Ball knows that place well. Between 1989 and 1994, when he wasn't "going down to Austin and gettin' with [his] buddies and playin' clubs," he wrote songs--lots of them. "I'd signed with a publishing company, and they gave me the opportunity to come off the road, and I got to write songs every day. It was about, oh, a little over a year of nothing but writing. That's when I wrote all the stuff that was on Thinkin' Problem."
Like the songs on Thinkin' Problem, the songs on Starlite Lounge find Ball writing in collaboration with the likes of Tommy Polk and Billy Spencer and, more often than not, striking a near-perfect balance between playful punning and poignant concision. Couplets like "I'm just a square in her circle of friends, / but when we're all alone, Lord, I fit right in" and "If you want someone who'll leave you, / you'd better look to someone else" capture Ball's knack for packing multiple meanings into plain language. Any more embroidery--in the lyrics, the phrasing, or the playing--and the album would lurch toward smarm.
Ironically, Ball had no hand in writing "Hangin' In and Hangin' On," his new single and arguably Starlite Lounge's strongest song. A husband's plea for his wife not to throw in the towel on their troubled romance, it sets the album's tone. Almost every other song seems to serve as a vignette within the "Hangin' In and Hangin' On" scenario.
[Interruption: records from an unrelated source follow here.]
(** For alpha = 1 and G a first-order trigonometric polynomial, the convolution G * m only sees
    the mass and the first Fourier moments (C, S) of m, so the equation says that 1/m is itself a
    first-order trigonometric polynomial.  Hence m is a multiple of a Poisson kernel, whose mass
    is 1 and whose moments are its parameters (u, v); matching coefficients turns (P) into a
    scalar equation for r = 1 / (1 - u^2 - v^2), whose left-hand side is strictly increasing in
    r >= 1, so it is solved by the intermediate value theorem.  For uniqueness, the equations of
    two solutions m, m' differ by a trigonometric polynomial; integrating it against m' - m gives
    int (m' - m)^2 / (m m') <= 0 because p1 >= 0, and Cauchy-Schwarz then forces the moments,
    the constants Hbar and finally 1/m and 1/m' to agree. *)

Definition trigpoly (a0 a b x : R) : R :=
  a0 + a * cos (2 * PI * x) + b * sin (2 * PI * x).

(* The Poisson kernel (1 - |w|^2) / |e^(2 pi i x) - w|^2 of the unit disc at w = u + i v. *)
Definition poisson (u v x : R) : R :=
  (1 - (u ^ 2 + v ^ 2)) / trigpoly (1 + (u ^ 2 + v ^ 2)) (-2 * u) (-2 * v) x.

Lemma is_RInt_Rplus (f g : R -> R) (a b A B : R) :
  is_RInt f a b A -> is_RInt g a b B -> is_RInt (fun x => f x + g x) a b (A + B).
Proof. intros; now apply (is_RInt_plus f g). Qed.
Lemma rank_le_height x : (r x <= d)%N.
Proof.
elim/lt_ind_up: x => x IH.
have [/rank_maximal -> // | /forallPn[y]] := boolP [forall z, ~~ (x < z)].
by rewrite negbK => xy; apply: leq_trans (ltnW (rank_lt xy)) (IH y xy).
Qed.

Lemma exists_above_of_rank a t : (r a <= t <= d)%N -> exists2 b, a <= b & r b = t.
Proof.
elim/lt_ind_up: a => a IH /andP[rat td].
have [<- | ne] := eqVneq (r a) t; first by exists a.
have [/rank_maximal ad | /forallPn[y]] := boolP [forall z, ~~ (a < z)].
  by move: rat td ne; rewrite ad; lia.
rewrite negbK => /exists_upper_cover[c ca _].
have rct : (r c <= t <= d)%N by rewrite (r_rank.2 _ _ ca) td andbT; lia.
have [b cb <-] := IH c (andP ca).1 rct.
by exists b => //; apply: le_trans (ltW (andP ca).1) cb.
Qed.

Lemma mem_frakX_rank_ideal m f (j : 'I_m) a :
  ((j, a) \in frakX (rank_ideal m f)) =
  [exists j' : 'I_m, [&& (j <= j')%N, (f j' < d)%N,
     [forall j'' : 'I_m, (j'' < j')%N ==> (f j' < f j'')%N] & (r a <= (f j').+1)%N]].
Proof.
rewrite inE; apply/exists_inP/existsP => [[[j' b]] | [j' /and4P[jj' fd drop ra]]].
  rewrite mem_min_rank_ideal /prod_le /= => /andP[/eqP rb drop] /andP[jj' ab].
  exists j'; rewrite jj' drop -rb rank_le //= andbT.
  by have := rank_le_height b; rewrite rb.
have [b ab rb] := exists_above_of_rank (t := (f j').+1) (introT andP (conj ra fd)).
exists (j', b); first by rewrite mem_min_rank_ideal rb eqxx drop.
by rewrite /prod_le /= jj' ab.
Qed.

Lemma ideal_of_rank_blocks m q (c t : nat -> nat) :
  ideal_of_seq m (expand_blocks [seq (c l, Lset r (t l)) | l <- iota 0 q]) =
  rank_ideal m (nth 0%N (flatten [seq nseq (c l) (t l) | l <- iota 0 q])).
Proof.
set s := flatten _.
have -> : expand_blocks [seq (c l, Lset r (t l)) | l <- iota 0 q] = map (Lset r) s.
  rewrite /expand_blocks /s map_flatten -!map_comp; congr flatten.
  by apply: eq_map => l /=; rewrite map_nseq.
(* Beyond the end of the tuple [nth] returns [set0], which is [Lset r 0] as ranks are positive. *)
have Lset0 : Lset r 0 = set0 by apply/setP => x; rewrite !inE leqn0 eqn0Ngt rank_gt0.
apply/setP => -[j b]; rewrite !inE /=.
have [js | sj] := ltnP j (size s); first by rewrite (nth_map 0%N) // inE.
by rewrite !nth_default ?size_map // -Lset0 inE.
Qed.

End Rank.

End FinitePoset.

Section Blocks.
Variable c : nat -> nat.

Lemma prefix_sum_mono : {homo (fun k => \sum_(0 <= l < k) c l) : a b / (a <= b)%N >-> (a <= b)%N}.
Proof. by move=> a b ab /=; rewrite (big_cat_nat (leq0n a) ab) leq_addr. Qed.

Lemma exists_block q j : (j < \sum_(0 <= l < q) c l)%N ->
  exists2 k, (k < q)%N & (\sum_(0 <= l < k) c l <= j < \sum_(0 <= l < k.+1) c l)%N.
Proof.
elim: q => [|q IH]; first by rewrite big_geq.
have [/IH[k kq jk] _ | qj jq] := ltnP j (\sum_(0 <= l < q) c l).
  by exists k => //; apply: ltnW.
by exists q; rewrite ?qj.
Qed.

Variables (A : Type) (x0 : A) (L : nat -> A).

Lemma size_flatten_nseq_iota q :
  size (flatten [seq nseq (c l) (L l) | l <- iota 0 q]) = (\sum_(0 <= l < q) c l)%N.
Proof.
rewrite size_flatten /shape -map_comp sumnE big_map /index_iota subn0.
by apply: eq_bigr => l _ /=; rewrite size_nseq.
Qed.
(* Let $L/K$ be a finite extension, $K'/K$ a finite Galois extension, and $M/K$ a finite extension with $L\subseteq M$ (all inside $\bar K$), such that $\tilde L$ and $K'$ are linearly disjoint over $K$ and $\tilde M$ and $K'$ are linearly disjoint over $K$. Then $\rho_K(M,L)=\rho_{K'}(MK',LK')$.
   Context: $K$ is a perfect field with a fixed algebraic closure $\bar K$; $\tilde L,\tilde M$ denote Galois closures over $K$ in $\bar K$. Root capacity: for $\alpha\in\bar K$ with minimal polynomial $f$ over $K$ and an extension $M/K$, $\rho_K(M,\alpha)$ is the number of roots of $f$ contained in $M$. For a finite extension $L/K$, $\rho_K(M,L):=\rho_K(M,\alpha)$ for any primitive element $\alpha$ with $L=K(\alpha)$ (this is independent of the choice of $\alpha$). $\rho_{K'}$ is defined analogously with base field $K'$. *)

From HB Require Import structures.
From mathcomp Require Import all_boot all_order all_algebra all_fingroup all_field.
From Stdlib Require Import ClassicalEpsilon.
Set Implicit Arguments. Unset Strict Implicit. Unset Printing Implicit Defensive.
Import GRing.Theory.
Local Open Scope ring_scope.

Definition perfect_field (F : fieldType) : Prop :=
  forall p : nat, p \in [pchar F] -> forall x : F, exists y : F, y ^+ p = x.

Section RootCapacity.
Variables (F : fieldType) (E : splittingFieldType F).

Definition roots_in_list (f : {poly E}) (M : {vspace E}) (s : seq E) : Prop :=
  uniq s /\ forall x : E, x \in s <-> (x \in M /\ root f x).

(* number of roots of f contained in M (f <> 0, so such a list exists) *)
Definition nroots_in (f : {poly E}) (M : {vspace E}) : nat :=
  size (epsilon (inhabits [::]) (roots_in_list f M)).

Definition rho_elt (K M : {subfield E}) (a : E) : nat :=
  nroots_in (minPoly K a) M.

Definition prim_elt (K L : {subfield E}) : E :=
  epsilon (inhabits 0) (fun a : E => (<<K; a>>%VS = L :> {vspace E})).

Definition rho (K M L : {subfield E}) : nat := rho_elt K M (prim_elt K L).

Definition is_gal_closure (K L N : {subfield E}) : Prop :=
  (L <= N)%VS /\ galois K N /\
  forall N' : {subfield E}, (L <= N')%VS -> galois K N' -> (N <= N')%VS.

Definition gal_closure (K L : {subfield E}) : {subfield E} :=
  epsilon (inhabits 1%AS) (is_gal_closure K L).

Definition lin_disjoint (K A B : {subfield E}) : Prop :=
  (\dim_K (A * B)%AS = \dim_K A * \dim_K B)%N.

End RootCapacity.

(* Everything happens in the splitting field E, which is Galois over each of its
   subfields since F is perfect.  For L = K(c), the roots of the minimal polynomial
   of c lying in M are the values x c of the K-automorphisms x of E with x(L) <= M,
   and x c = y c iff x and y lie in the same right coset of Gal(E/L); hence
   rho_K(M, L) is the number of these cosets.  Linear disjointness of a Galois
   closure N with K' means Gal(E/N) Gal(E/K') = Gal(E/F).  For N the closure of L
   this lets every coset be represented in A = Gal(E/K'); for N the closure of M
   it gives N :&: MK' = M, so that x in A maps LK' into MK' iff it maps L into M.
   Finally, on A the cosets of Gal(E/L) are those of Gal(E/L) :&: A = Gal(E/LK'). *)

From HB Require Import structures.
From mathcomp Require Import all_boot all_order all_algebra all_fingroup all_field.
From mathcomp Require Import zify.
From Stdlib Require Import ClassicalEpsilon.
Set Implicit Arguments. Unset Strict Implicit. Unset Printing Implicit Defensive.
Import GRing.Theory.
Local Open Scope ring_scope.

Lemma card_imset_rcoset_setI (gT : finGroupType) (P A : {group gT}) (S : {set gT}) :
  S \subset A -> #|[set (P :* x)%g | x in S]| = #|[set ((P :&: A) :* x)%g | x in S]|.
Proof.
move=> sSA; have PZ x : (P * ((P :&: A) :* x) = P :* x)%g.
  by rewrite mulgA mulGSid ?subsetIl.
have -> : [set (P :* x)%g | x in S]
          = [set (P * Z)%g | Z in [set ((P :&: A) :* x)%g | x in S]].
  by rewrite -imset_comp; apply: eq_imset => x /=; rewrite PZ.
rewrite card_in_imset //.
move=> _ _ /imsetP[x Sx ->] /imsetP[y Sy ->] /=.
rewrite !PZ => /rcoset_eqP/rcosetP[p Pp xE].
apply/rcoset_eqP/rcosetP; exists p => //; rewrite inE Pp /=.
have -> : p = (x * y^-1)%g by rewrite xE mulgK.
by rewrite groupM ?groupV ?(subsetP sSA).
Qed.

Lemma perfect_poly_pth_root (F : fieldType) p (pF : p \in [pchar F]) (g : {poly F}) :
  perfect_field F -> exists h : {poly F}, map_poly (pFrobenius_aut pF) h = g.
Proof.
move=> perfF.
have root_ex (c : F) : exists y : F, y ^+ p == c.
  by have [y <-] := perfF _ pF c; exists y.
pose r c := xchoose (root_ex c); have rK c : r c ^+ p = c := eqP (xchooseP (root_ex c)).
exists (\poly_(i < size g) r g`_i); apply/polyP => i.
rewrite coef_map coef_poly; case: ltnP => [_ | le_g_i]; first exact: rK.
by rewrite (nth_default 0 le_g_i) raddf0.
Qed.

Section GaloisCosets.
Variables (F : fieldType) (E : splittingFieldType F).

Lemma gal_prodv (X Y : {subfield E}) :
  'Gal({:E} / (X * Y)%AS)%g = ('Gal({:E} / X) :&: 'Gal({:E} / Y))%g.
Proof.
apply/eqP; rewrite eqEsubset subsetI !galS ?field_subvMr ?field_subvMl //=.
rewrite galois_connection ?subvf //; apply: prodv_sub.
  by rewrite -galois_connection ?subvf ?subsetIl.
by rewrite -galois_connection ?subvf ?subsetIr.
Qed.

Lemma gal_fixed_adjoin (K : {subfield E}) (c : E) (z : gal_of {:E}) :
  z \in 'Gal({:E} / K)%g -> z c = c -> z \in 'Gal({:E} / <<K; c>>)%g.
Proof.
move=> Kz zc; rewrite -sub1set galois_connection ?subvf //; apply/FadjoinP; split.
  by rewrite -galois_connection ?subvf // sub1set.
by apply/fixedFieldP; [exact: memvf | move=> w /set1P ->].
Qed.

Lemma eq_rcoset_gal_adjoin (K : {subfield E}) (c : E) (x y : gal_of {:E}) :
  x \in 'Gal({:E} / K)%g -> y \in 'Gal({:E} / K)%g ->
  (('Gal({:E} / <<K; c>>) :* x == 'Gal({:E} / <<K; c>>) :* y)%g) = (x c == y c).
Proof.
move=> Kx Ky; apply/eqP/eqP => [/rcoset_eqP/rcosetP[z Hz ->] | xy_c].
  by rewrite galM ?memvf // (fixed_gal (subvf _) Hz) ?memv_adjoin.
apply/rcoset_eqP/rcosetP; exists (x * y^-1)%g; last by rewrite mulgKV.
apply: gal_fixed_adjoin; first by rewrite groupM ?groupV.
by rewrite galM ?memvf // xy_c -galM ?memvf // mulgV gal_id.
Qed.

Definition gal_into (K : {subfield E}) (X M : {vspace E}) : {set gal_of {:E}} :=
  [set x in 'Gal({:E} / K)%g | (x @: X <= M)%VS].

Lemma nroots_inE (f : {poly E}) (M : {vspace E}) (s : seq E) :
  uniq s -> (forall w, (w \in s) = (w \in M) && root f w) -> nroots_in f M = size s.
Proof.
move=> uniq_s mem_s; rewrite /nroots_in.
have [uniq_t mem_t] : roots_in_list f M (epsilon (inhabits [::]) (roots_in_list f M)).
  by apply: epsilon_spec; exists s; split => // w; rewrite mem_s; split => /andP.
apply/perm_size/uniq_perm => // w; rewrite mem_s.
by apply/idP/andP => /mem_t.
Qed.

Lemma gal_into_root_minPoly (K M : {subfield E}) (c w : E) : (K <= M)%VS ->
  reflect (exists2 x, x \in gal_into K <<K; c>> M & x c = w)
          ((w \in M) && root (minPoly K c) w).
Proof.
move=> sKM; apply: (iffP andP) => [[Mw rw] | [x]].
  have [x Kx xc] := normalField_root_minPoly (subvf K) (normalFieldf K) (memvf c) rw.
  exists x => //; rewrite inE Kx aimg_adjoin /=.
  have /andP[_ fixK] : kHom K {:E} x by rewrite -gal_kHom ?subvf.
  by rewrite fixedSpace_limg // xc; apply/FadjoinP.
rewrite inE => /andP[Kx sxM] <-; split.
  by apply: (subvP sxM); apply/memv_img/memv_adjoin.
exact: root_minPoly_gal (subvf K) Kx (memvf c).
Qed.

Lemma nroots_minPoly_card_rcosets (K M : {subfield E}) (c : E) : (K <= M)%VS ->
  nroots_in (minPoly K c) M
    = #|[set ('Gal({:E} / <<K; c>>) :* x)%g | x in gal_into K <<K; c>> M]|.
Proof.
move=> sKM; set P := 'Gal(_ / _)%g; set S := gal_into _ _ _.
have galK x : x \in S -> x \in 'Gal({:E} / K)%g by rewrite inE => /andP[].
have repr_c x : repr (P :* x)%g c = x c.
  have /rcosetP[z Pz ->] := mem_repr_rcoset [group of P] x.
  by rewrite galM ?memvf // (fixed_gal (subvf _) Pz) ?memv_adjoin.
rewrite cardE -(size_map (fun Z : {set gal_of {:E}} => repr Z c)); apply: nroots_inE.
  rewrite map_inj_in_uniq ?enum_uniq // => Z1 Z2.
  rewrite !mem_enum => /imsetP[x Sx ->] /imsetP[y Sy ->] /eqP.
  by rewrite !repr_c -(eq_rcoset_gal_adjoin _ (galK x Sx) (galK y Sy)) => /eqP.
move=> w; apply/mapP/(gal_into_root_minPoly _ _ sKM) => [[Z] | [x Sx <-]].
  by rewrite mem_enum => /imsetP[x Sx ->] ->; exists x; rewrite ?repr_c.
by exists (P :* x)%g; rewrite ?repr_c // mem_enum; apply/imsetP; exists x.
Qed.

Lemma normalField_limg (N X : {subfield E}) (x : gal_of {:E}) :
  normalField 1 N -> (X <= N)%VS -> x \in 'Gal({:E} / 1%AS)%g -> (x @: X <= N)%VS.
Proof.
move=> nN sXN Gx.
have /andP[_ /eqP xN] : kAut 1 N x.
  apply: (@normalField_kAut _ _ _ _ {:E}%AS _ _ nN); first by rewrite sub1v subvf.
  by rewrite -gal_kAut ?sub1v.
by rewrite -xN limgS.
Qed.

Lemma imset_rcoset_gal_into (L Lt M K' : {subfield E}) : (L <= Lt)%VS ->
  ('Gal({:E} / Lt) * 'Gal({:E} / K'))%g = 'Gal({:E} / 1%AS)%g ->
  [set ('Gal({:E} / L) :* x)%g | x in gal_into 1 L M]
    = [set ('Gal({:E} / L) :* x)%g | x in gal_into 1 L M :&: 'Gal({:E} / K')%g].
Proof.
move=> sLLt galLtK'; apply/eqP; rewrite eqEsubset andbC imsetS ?subsetIl //=.
apply/subsetP => _ /imsetP[x Sx ->].
have := Sx; rewrite inE => /andP[Gx sxLM].
rewrite -galLtK' in Gx; case/mulsgP: Gx => n a Ltn K'a xE.
have Ln : n \in 'Gal({:E} / L)%g := subsetP (galS _ sLLt) n Ltn.
have -> : ('Gal({:E} / L) :* x = 'Gal({:E} / L) :* a)%g.
  by apply/rcoset_eqP/rcosetP; exists n.
have xL : (x @: L = a @: L)%VS.
  by apply: eq_in_limg => v Lv; rewrite xE galM ?memvf // (fixed_gal (subvf L) Ln Lv).
apply/imsetP; exists a => //.
by rewrite !inE K'a (subsetP (galS _ (sub1v K'))) //= -xL sxLM.
Qed.

Hypothesis perfF : perfect_field F.

Lemma perfect_separable_element (x : E) : separable_element 1 x.
Proof.
(* If the minimal polynomial were g(X^p), a p-th root h of g taken coefficientwise
   (F is perfect) would satisfy h(x)^p = g(x^p) = 0 with deg h < deg (minPoly x). *)
apply/negPn/negP => /separablePn_pchar [p pE [g /polyOver1P[g0 ->] Dm]].
have pF : p \in [pchar F] by rewrite -(fmorph_pchar (in_alg E)).
have [h0 Dg0] := perfect_poly_pth_root pF g0 perfF.
pose h := map_poly (in_alg E) h0.
have Dg : map_poly (pFrobenius_aut pE) h = map_poly (in_alg E) g0.
  rewrite -Dg0 -!map_poly_comp; apply: eq_map_poly => c /=.
  by rewrite !pFrobenius_autE exprZn expr1n.
have hx : root h x.
  suff: h.[x] ^+ p == 0 by rewrite expf_eq0 => /andP[].
  rewrite -(pFrobenius_autE pE) -horner_map Dg.
  change ((map_poly (in_alg E) g0).[x ^+ p] == 0).
  by rewrite -hornerXn -horner_comp -Dm minPolyxx.
have sz_h : size h = size g0 by rewrite -Dg0 !size_map_poly.
have /dvdp_leq le_m_h : minPoly 1 x %| h.
  by apply: minPoly_dvdp hx; apply/polyOver1P; exists h0.
have nz_h : h != 0.
  rewrite -size_poly_eq0 sz_h size_poly_eq0.
  apply: contra_neq (monic_neq0 (monic_minPoly 1 x)) => g0_0.
  by rewrite Dm g0_0 map_poly0 comp_poly0.
have := le_m_h nz_h; have := size_comp_poly (map_poly (in_alg E) g0) 'X^p.
rewrite -Dm size_minPoly size_polyXn size_map_poly sz_h /=.
have := prime_gt1 (pcharf_prime pE).
rewrite /adjoin_degree; move: (_.-1) (size g0) => d [|n] /=; nia.
Qed.

Lemma galois_fullv (K : {subfield E}) : galois K fullv.
Proof.
apply: (@galoisS _ _ 1%AS); first by rewrite sub1v subvf.
rewrite /galois sub1v normalFieldf andbT /=.
by apply/separableP => y _; apply: perfect_separable_element.
Qed.

Lemma prim_eltP (K X : {subfield E}) : (K <= X)%VS -> <<K; prim_elt K X>>%VS = X.
Proof.
move=> sKX; rewrite /prim_elt.
apply: (@epsilon_spec _ (inhabits 0) (fun a : E => <<K; a>>%VS = X :> {vspace E})).
exists (separable_generator K X); apply/esym/eq_adjoin_separable_generator => //.
apply/separableP => y _.
exact: separable_elementS (sub1v K) (perfect_separable_element y).
Qed.

Lemma gal_closureP (X : {subfield E}) : is_gal_closure 1 X (gal_closure 1 X).
Proof.
rewrite /gal_closure; apply: (epsilon_spec (inhabits 1%AS) (is_gal_closure 1 X)).
pose C := (gcore 'Gal({:E} / X) 'Gal({:E} / 1%AS))%G.
have nC : (C <| 'Gal({:E} / 1%AS))%g by apply: gcore_normal; rewrite galS ?sub1v.
exists (fixedField C); split; last split.
- by rewrite -galois_connection ?subvf // gcore_sub.
- exact: normal_fixedField_galois (galois_fullv 1%AS) C nC.
move=> N sXN /and3P[_ _ nN].
rewrite -(galois_fixedField (galois_fullv N)).
apply: fixedFieldS; rewrite sub_gcore ?galS //.
by apply/normal_norm/normalField_normal; rewrite ?sub1v ?subvf.
Qed.

Lemma dim_mul_card_gal (X : {subfield E}) :
  (\dim X * #|'Gal({:E} / X)%g| = #|'Gal({:E} / 1%AS)%g|)%N.
Proof.
rewrite -!galois_dim ?galois_fullv // mulnC -dim_sup_field ?subvf //.
by rewrite dimv1 divn1.
Qed.

Lemma lin_disjoint_galM (X Y : {subfield E}) : lin_disjoint 1 X Y ->
  ('Gal({:E} / X) * 'Gal({:E} / Y))%g = 'Gal({:E} / 1%AS)%g.
Proof.
rewrite /lin_disjoint dimv1 !divn1 => dXY.
have cardXY := dim_mul_card_gal (X * Y)%AS; rewrite gal_prodv dXY in cardXY.
have cardX := dim_mul_card_gal X; have cardY := dim_mul_card_gal Y.
set G := 'Gal({:E} / 1%AS)%g in cardXY cardX cardY *.
set A := 'Gal({:E} / X)%g in cardXY cardX *; set B := 'Gal({:E} / Y)%g in cardXY cardY *.
have cardM : (#|A| * #|B| = #|(A * B)%g| * #|A :&: B|)%N := mul_cardG _ _.
have g_gt0 : (0 < #|G|)%N := cardG_gt0 _.
apply/eqP; rewrite eqEcard mul_subG ?galS ?sub1v //=.
rewrite -(leq_pmul2l g_gt0) -{1}cardX -{1}cardY mulnACA cardM -cardXY.
by rewrite (mulnC #|(A * B)%g|) mulnA.
Qed.

Lemma rho_card_rcosets (K X M : {subfield E}) : (K <= X)%VS -> (K <= M)%VS ->
  rho K M X = #|[set ('Gal({:E} / X) :* x)%g | x in gal_into K X M]|.
Proof.
by move=> sKX sKM; rewrite /rho /rho_elt nroots_minPoly_card_rcosets // prim_eltP.
Qed.

Lemma capv_prodv_galM (N M K' : {subfield E}) : (M <= N)%VS ->
  ('Gal({:E} / N) * 'Gal({:E} / K'))%g = 'Gal({:E} / 1%AS)%g ->
  (N :&: (M * K'))%VS = M.
Proof.
move=> sMN galNK'; apply/eqP; rewrite eqEsubv subv_cap sMN field_subvMr /= andbT.
apply/subvP => v /memv_capP[Nv MK'v].
rewrite -(galois_fixedField (galois_fullv M)); apply/fixedFieldP => [|r Mr].
  exact: memvf.
have := subsetP (galS _ (sub1v M)) r Mr; rewrite -galNK'.
case/mulsgP=> n a Nn K'a rE.
have MK'a : a \in 'Gal({:E} / (M * K')%AS)%g.
  rewrite gal_prodv inE K'a andbT -(mulKg n a) -rE groupM ?groupV //.
  exact: subsetP (galS _ sMN) n Nn.
by rewrite rE galM ?memvf // (fixed_gal (subvf N) Nn Nv) (fixed_gal (subvf _) MK'a).
Qed.

Lemma gal_into_prodv (L M N K' : {subfield E}) :
  (L <= M)%VS -> (M <= N)%VS -> normalField 1 N ->
  ('Gal({:E} / N) * 'Gal({:E} / K'))%g = 'Gal({:E} / 1%AS)%g ->
  gal_into K' (L * K')%AS (M * K')%AS = gal_into 1 L M :&: 'Gal({:E} / K')%g.
Proof.
move=> sLM sMN nN galNK'; apply/setP => x; rewrite !inE.
have [K'x | _] /= := boolP (x \in 'Gal({:E} / K')%g); last by rewrite andbF.
have Gx : x \in 'Gal({:E} / 1%AS)%g := subsetP (galS _ (sub1v K')) x K'x.
have /andP[_ fixK'] : kHom K' {:E} x by rewrite -gal_kHom ?subvf.
rewrite Gx andbT aimgM (fixedSpace_limg fixK').
apply/idP/idP => [sxLK' | sxLM]; last exact: prodvSl.
rewrite -(capv_prodv_galM sMN galNK') subv_cap normalField_limg ?(subv_trans sLM) //.
exact: subv_trans (field_subvMr _ _) sxLK'.
Qed.

End GaloisCosets.

Theorem theorem8p12 (F : fieldType) (E : splittingFieldType F)
  (L K' M : {subfield E}) :
  perfect_field F ->
  galois 1%AS K' ->
  (L <= M)%VS ->
  lin_disjoint 1%AS (gal_closure 1%AS L) K' ->
  lin_disjoint 1%AS (gal_closure 1%AS M) K' ->
  rho 1%AS M L = rho K' (M * K')%AS (L * K')%AS.
Proof.
(* E is Galois over every subfield. *)
move=> perfF _ sLM dL dM.
have [sLLt _] := gal_closureP perfF L.
have [sMMt [/and3P[_ _ nMt] _]] := gal_closureP perfF M.
rewrite !(rho_card_rcosets perfF) ?sub1v ?field_subvMl // gal_prodv.
rewrite (gal_into_prodv perfF sLM sMMt nMt (lin_disjoint_galM perfF dM)).
rewrite (imset_rcoset_gal_into M sLLt (lin_disjoint_galM perfF dL)).
by rewrite (card_imset_rcoset_setI _ (A := 'Gal({:E} / K')%G)) ?subsetIr.
Qed.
"I thought that if I was gonna try and do another 'Thinkin' Problem,' that song would be it," Ball admits. "The first time I heard it, I thought it was really different. It's unusual. I hadn't heard anything like it, and I think that's important in country music. I think the complaint that everything sounds alike in country music comes from the fact that, musically, there's no newness. At the same time, people are sayin', 'There's too much pop influence.' Well, here's 'Hangin' In and Hangin' On,' which is new country music but which is not influenced by cheesy '70s pop. It's rooted in traditional music, but it's brand new. It's like Hank Williams meets the '90s."
To better prepare his fans for this "new" music, Ball has spent the past couple of months on the road opening for his Warner-Reprise labelmate, Dwight Yoakam. With almost every stop on the tour a stadium, amphitheater, or pavilion gig, Ball finds himself performing in environs quite different from the central-Texas dancehalls in which he paid his dues.
"When I was in high school," he says, recalling his South Carolina youth, "I played string bass in a folk band, and that band moved out to Texas. We went out and played a couple of folk festivals in Texas, and I just fell into that scene out there in Austin. George Strait was out there playin', and, of course, [Asleep at] the Wheel. Even the old guys. Some of the original [Bob Wills] Playboys were playin' in dancehalls. I loved it. I've always been a fan of the older stuff."
Because Ball isn't afraid to let his affection for the "older stuff" show in his music, the best parts of Starlite Lounge sound both timely and timeless, and because he isn't afraid to let his brain in on what he's singing, his "thinkin' " problems seem like a thing of the past.